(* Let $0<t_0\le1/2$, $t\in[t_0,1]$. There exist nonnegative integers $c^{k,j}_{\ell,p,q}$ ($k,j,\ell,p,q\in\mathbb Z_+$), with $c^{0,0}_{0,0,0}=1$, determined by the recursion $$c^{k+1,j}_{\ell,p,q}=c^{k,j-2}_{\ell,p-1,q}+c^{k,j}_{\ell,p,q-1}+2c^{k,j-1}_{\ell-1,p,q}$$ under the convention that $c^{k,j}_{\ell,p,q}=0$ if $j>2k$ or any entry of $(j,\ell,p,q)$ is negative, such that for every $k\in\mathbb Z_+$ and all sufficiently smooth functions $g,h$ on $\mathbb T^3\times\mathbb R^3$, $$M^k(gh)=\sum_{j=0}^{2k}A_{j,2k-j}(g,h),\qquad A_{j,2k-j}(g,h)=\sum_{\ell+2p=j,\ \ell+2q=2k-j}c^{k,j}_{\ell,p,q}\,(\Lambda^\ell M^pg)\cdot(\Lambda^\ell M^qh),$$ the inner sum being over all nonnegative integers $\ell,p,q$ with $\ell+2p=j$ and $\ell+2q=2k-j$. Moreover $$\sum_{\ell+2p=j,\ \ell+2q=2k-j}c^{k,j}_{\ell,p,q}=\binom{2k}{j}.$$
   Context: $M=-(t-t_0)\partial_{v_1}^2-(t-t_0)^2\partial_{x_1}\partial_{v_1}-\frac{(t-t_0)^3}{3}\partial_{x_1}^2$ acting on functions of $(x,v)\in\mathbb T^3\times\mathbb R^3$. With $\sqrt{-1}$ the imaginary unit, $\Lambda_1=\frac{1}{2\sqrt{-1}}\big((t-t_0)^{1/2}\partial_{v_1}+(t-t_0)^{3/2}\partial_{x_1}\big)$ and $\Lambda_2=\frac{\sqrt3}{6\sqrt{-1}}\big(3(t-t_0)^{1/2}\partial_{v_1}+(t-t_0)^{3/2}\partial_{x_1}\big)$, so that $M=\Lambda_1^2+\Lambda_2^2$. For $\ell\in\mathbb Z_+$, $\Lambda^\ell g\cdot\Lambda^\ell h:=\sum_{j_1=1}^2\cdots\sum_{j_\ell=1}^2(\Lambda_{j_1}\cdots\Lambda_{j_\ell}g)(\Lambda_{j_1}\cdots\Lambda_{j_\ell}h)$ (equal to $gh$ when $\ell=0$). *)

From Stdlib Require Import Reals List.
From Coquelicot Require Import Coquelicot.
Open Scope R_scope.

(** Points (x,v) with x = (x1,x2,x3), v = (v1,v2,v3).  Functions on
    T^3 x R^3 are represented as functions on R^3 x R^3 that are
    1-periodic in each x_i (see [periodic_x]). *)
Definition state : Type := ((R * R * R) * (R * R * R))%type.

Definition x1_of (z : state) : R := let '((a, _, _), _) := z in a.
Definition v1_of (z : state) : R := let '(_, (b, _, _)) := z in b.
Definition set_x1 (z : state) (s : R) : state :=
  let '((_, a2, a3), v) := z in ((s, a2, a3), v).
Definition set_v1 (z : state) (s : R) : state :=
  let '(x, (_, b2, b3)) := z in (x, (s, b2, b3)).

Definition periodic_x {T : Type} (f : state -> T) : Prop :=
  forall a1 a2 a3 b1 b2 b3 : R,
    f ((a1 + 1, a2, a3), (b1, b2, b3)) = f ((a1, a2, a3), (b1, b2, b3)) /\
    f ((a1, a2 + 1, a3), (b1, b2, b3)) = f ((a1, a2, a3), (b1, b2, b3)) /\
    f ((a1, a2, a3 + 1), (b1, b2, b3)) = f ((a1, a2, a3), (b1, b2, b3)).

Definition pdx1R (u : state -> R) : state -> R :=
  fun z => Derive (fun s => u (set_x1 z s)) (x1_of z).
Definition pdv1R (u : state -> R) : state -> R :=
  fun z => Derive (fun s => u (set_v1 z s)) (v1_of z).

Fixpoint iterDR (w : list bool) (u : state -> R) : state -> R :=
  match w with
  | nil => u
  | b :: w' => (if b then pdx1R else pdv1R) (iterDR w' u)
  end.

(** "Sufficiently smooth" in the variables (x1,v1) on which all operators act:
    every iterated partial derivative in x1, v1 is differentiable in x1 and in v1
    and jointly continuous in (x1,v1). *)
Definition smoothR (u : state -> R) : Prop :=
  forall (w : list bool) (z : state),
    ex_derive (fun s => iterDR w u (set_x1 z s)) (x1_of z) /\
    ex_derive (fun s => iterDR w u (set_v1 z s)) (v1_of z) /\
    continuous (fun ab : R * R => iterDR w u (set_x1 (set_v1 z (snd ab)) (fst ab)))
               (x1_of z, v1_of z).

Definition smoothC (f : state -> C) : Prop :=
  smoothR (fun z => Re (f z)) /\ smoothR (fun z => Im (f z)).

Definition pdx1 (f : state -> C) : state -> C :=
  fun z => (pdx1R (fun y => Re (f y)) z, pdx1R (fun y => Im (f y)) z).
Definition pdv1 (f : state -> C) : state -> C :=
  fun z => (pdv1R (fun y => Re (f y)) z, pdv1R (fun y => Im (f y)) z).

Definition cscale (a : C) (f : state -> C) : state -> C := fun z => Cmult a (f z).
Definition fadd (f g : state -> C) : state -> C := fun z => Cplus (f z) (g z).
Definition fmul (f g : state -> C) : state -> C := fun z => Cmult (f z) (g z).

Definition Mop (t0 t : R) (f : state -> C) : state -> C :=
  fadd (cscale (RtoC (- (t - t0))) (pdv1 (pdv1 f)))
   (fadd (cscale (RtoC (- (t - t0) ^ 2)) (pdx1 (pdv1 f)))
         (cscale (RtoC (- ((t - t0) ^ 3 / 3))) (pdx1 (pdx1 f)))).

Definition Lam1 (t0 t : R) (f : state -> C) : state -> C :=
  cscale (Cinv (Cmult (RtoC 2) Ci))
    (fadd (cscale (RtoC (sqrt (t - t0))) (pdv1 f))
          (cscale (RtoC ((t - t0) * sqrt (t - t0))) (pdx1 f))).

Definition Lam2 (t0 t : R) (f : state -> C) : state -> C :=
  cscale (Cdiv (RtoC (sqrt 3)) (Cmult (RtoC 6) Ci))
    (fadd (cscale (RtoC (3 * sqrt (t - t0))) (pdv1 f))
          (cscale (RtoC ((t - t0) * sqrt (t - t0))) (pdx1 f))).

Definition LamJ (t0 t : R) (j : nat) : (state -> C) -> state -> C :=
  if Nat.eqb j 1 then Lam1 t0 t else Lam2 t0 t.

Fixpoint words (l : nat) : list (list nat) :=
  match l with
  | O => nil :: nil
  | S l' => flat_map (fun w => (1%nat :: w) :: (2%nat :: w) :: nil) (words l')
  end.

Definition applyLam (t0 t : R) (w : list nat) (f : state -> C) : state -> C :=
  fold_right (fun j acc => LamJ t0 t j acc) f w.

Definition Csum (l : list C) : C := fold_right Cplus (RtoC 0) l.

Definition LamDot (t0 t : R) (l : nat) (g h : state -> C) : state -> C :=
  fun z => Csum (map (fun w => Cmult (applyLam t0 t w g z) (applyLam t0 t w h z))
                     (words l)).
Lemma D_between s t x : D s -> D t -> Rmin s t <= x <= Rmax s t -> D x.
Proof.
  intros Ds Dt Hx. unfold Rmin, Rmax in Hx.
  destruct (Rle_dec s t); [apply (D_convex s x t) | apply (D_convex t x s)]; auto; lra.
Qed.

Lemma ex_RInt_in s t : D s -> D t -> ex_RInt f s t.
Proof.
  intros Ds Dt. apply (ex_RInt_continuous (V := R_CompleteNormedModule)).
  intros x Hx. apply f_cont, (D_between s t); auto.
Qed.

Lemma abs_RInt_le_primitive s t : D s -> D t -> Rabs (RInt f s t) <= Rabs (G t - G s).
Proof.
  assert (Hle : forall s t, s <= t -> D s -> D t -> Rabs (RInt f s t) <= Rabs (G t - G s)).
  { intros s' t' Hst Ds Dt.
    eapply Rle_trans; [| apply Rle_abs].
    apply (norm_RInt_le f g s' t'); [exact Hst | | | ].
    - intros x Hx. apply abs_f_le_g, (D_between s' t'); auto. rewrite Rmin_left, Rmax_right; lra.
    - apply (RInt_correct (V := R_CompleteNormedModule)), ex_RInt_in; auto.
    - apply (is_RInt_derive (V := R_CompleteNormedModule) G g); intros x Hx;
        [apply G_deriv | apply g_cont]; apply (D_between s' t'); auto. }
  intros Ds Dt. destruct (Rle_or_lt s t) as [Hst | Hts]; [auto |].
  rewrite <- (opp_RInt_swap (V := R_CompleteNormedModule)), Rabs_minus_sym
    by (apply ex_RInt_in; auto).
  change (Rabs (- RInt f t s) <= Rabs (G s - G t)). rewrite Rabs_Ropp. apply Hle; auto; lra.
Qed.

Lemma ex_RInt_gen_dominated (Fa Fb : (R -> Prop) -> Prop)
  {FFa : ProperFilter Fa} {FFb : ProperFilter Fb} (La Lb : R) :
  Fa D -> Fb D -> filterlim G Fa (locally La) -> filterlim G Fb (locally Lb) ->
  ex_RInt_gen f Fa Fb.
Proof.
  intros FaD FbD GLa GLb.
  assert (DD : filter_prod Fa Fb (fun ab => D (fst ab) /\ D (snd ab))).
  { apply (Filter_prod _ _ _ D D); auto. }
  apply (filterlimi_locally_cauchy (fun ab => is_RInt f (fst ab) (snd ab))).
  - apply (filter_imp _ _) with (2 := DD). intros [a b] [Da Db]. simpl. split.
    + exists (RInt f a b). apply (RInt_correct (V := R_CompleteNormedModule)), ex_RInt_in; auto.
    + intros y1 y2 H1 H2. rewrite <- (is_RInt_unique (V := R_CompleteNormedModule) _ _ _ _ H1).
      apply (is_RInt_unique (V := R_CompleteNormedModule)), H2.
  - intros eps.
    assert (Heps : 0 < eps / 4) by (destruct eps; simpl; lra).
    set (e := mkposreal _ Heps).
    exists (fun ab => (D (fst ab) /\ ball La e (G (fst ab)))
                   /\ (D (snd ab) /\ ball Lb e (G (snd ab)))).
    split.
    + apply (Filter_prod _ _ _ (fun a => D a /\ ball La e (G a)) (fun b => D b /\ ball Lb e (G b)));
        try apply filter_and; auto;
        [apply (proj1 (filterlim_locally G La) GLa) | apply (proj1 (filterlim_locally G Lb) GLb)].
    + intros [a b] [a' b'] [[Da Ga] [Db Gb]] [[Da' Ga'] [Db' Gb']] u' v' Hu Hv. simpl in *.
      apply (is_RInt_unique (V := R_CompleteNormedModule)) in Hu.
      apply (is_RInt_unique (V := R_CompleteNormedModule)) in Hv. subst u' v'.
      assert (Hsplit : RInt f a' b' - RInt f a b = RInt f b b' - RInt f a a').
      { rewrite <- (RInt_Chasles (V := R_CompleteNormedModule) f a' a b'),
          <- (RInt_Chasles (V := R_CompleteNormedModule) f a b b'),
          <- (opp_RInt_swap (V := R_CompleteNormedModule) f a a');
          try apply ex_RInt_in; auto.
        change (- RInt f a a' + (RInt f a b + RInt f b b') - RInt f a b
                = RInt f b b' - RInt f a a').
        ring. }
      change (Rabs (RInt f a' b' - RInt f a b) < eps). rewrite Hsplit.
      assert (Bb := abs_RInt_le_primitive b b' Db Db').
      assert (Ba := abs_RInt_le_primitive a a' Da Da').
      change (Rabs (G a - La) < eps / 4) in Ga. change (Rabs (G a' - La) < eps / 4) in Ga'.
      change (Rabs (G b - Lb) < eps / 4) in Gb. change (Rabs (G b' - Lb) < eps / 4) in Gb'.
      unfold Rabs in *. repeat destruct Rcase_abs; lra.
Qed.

━━━━━━━━

Beginning at the first line of the data above, retype each line until you reach the line containing "Definition v1_of (z", and include that one too. Add nothing else.

(* Let $0<t_0\le1/2$, $t\in[t_0,1]$. There exist nonnegative integers $c^{k,j}_{\ell,p,q}$ ($k,j,\ell,p,q\in\mathbb Z_+$), with $c^{0,0}_{0,0,0}=1$, determined by the recursion $$c^{k+1,j}_{\ell,p,q}=c^{k,j-2}_{\ell,p-1,q}+c^{k,j}_{\ell,p,q-1}+2c^{k,j-1}_{\ell-1,p,q}$$ under the convention that $c^{k,j}_{\ell,p,q}=0$ if $j>2k$ or any entry of $(j,\ell,p,q)$ is negative, such that for every $k\in\mathbb Z_+$ and all sufficiently smooth functions $g,h$ on $\mathbb T^3\times\mathbb R^3$, $$M^k(gh)=\sum_{j=0}^{2k}A_{j,2k-j}(g,h),\qquad A_{j,2k-j}(g,h)=\sum_{\ell+2p=j,\ \ell+2q=2k-j}c^{k,j}_{\ell,p,q}\,(\Lambda^\ell M^pg)\cdot(\Lambda^\ell M^qh),$$ the inner sum being over all nonnegative integers $\ell,p,q$ with $\ell+2p=j$ and $\ell+2q=2k-j$. Moreover $$\sum_{\ell+2p=j,\ \ell+2q=2k-j}c^{k,j}_{\ell,p,q}=\binom{2k}{j}.$$
   Context: $M=-(t-t_0)\partial_{v_1}^2-(t-t_0)^2\partial_{x_1}\partial_{v_1}-\frac{(t-t_0)^3}{3}\partial_{x_1}^2$ acting on functions of $(x,v)\in\mathbb T^3\times\mathbb R^3$. With $\sqrt{-1}$ the imaginary unit, $\Lambda_1=\frac{1}{2\sqrt{-1}}\big((t-t_0)^{1/2}\partial_{v_1}+(t-t_0)^{3/2}\partial_{x_1}\big)$ and $\Lambda_2=\frac{\sqrt3}{6\sqrt{-1}}\big(3(t-t_0)^{1/2}\partial_{v_1}+(t-t_0)^{3/2}\partial_{x_1}\big)$, so that $M=\Lambda_1^2+\Lambda_2^2$. For $\ell\in\mathbb Z_+$, $\Lambda^\ell g\cdot\Lambda^\ell h:=\sum_{j_1=1}^2\cdots\sum_{j_\ell=1}^2(\Lambda_{j_1}\cdots\Lambda_{j_\ell}g)(\Lambda_{j_1}\cdots\Lambda_{j_\ell}h)$ (equal to $gh$ when $\ell=0$). *)

From Stdlib Require Import Reals List.
From Coquelicot Require Import Coquelicot.
Open Scope R_scope.

(** Points (x,v) with x = (x1,x2,x3), v = (v1,v2,v3).  Functions on
    T^3 x R^3 are represented as functions on R^3 x R^3 that are
    1-periodic in each x_i (see [periodic_x]). *)
Definition state : Type := ((R * R * R) * (R * R * R))%type.

Definition x1_of (z : state) : R := let '((a, _, _), _) := z in a.
Definition v1_of (z : state) : R := let '(_, (b, _, _)) := z in b.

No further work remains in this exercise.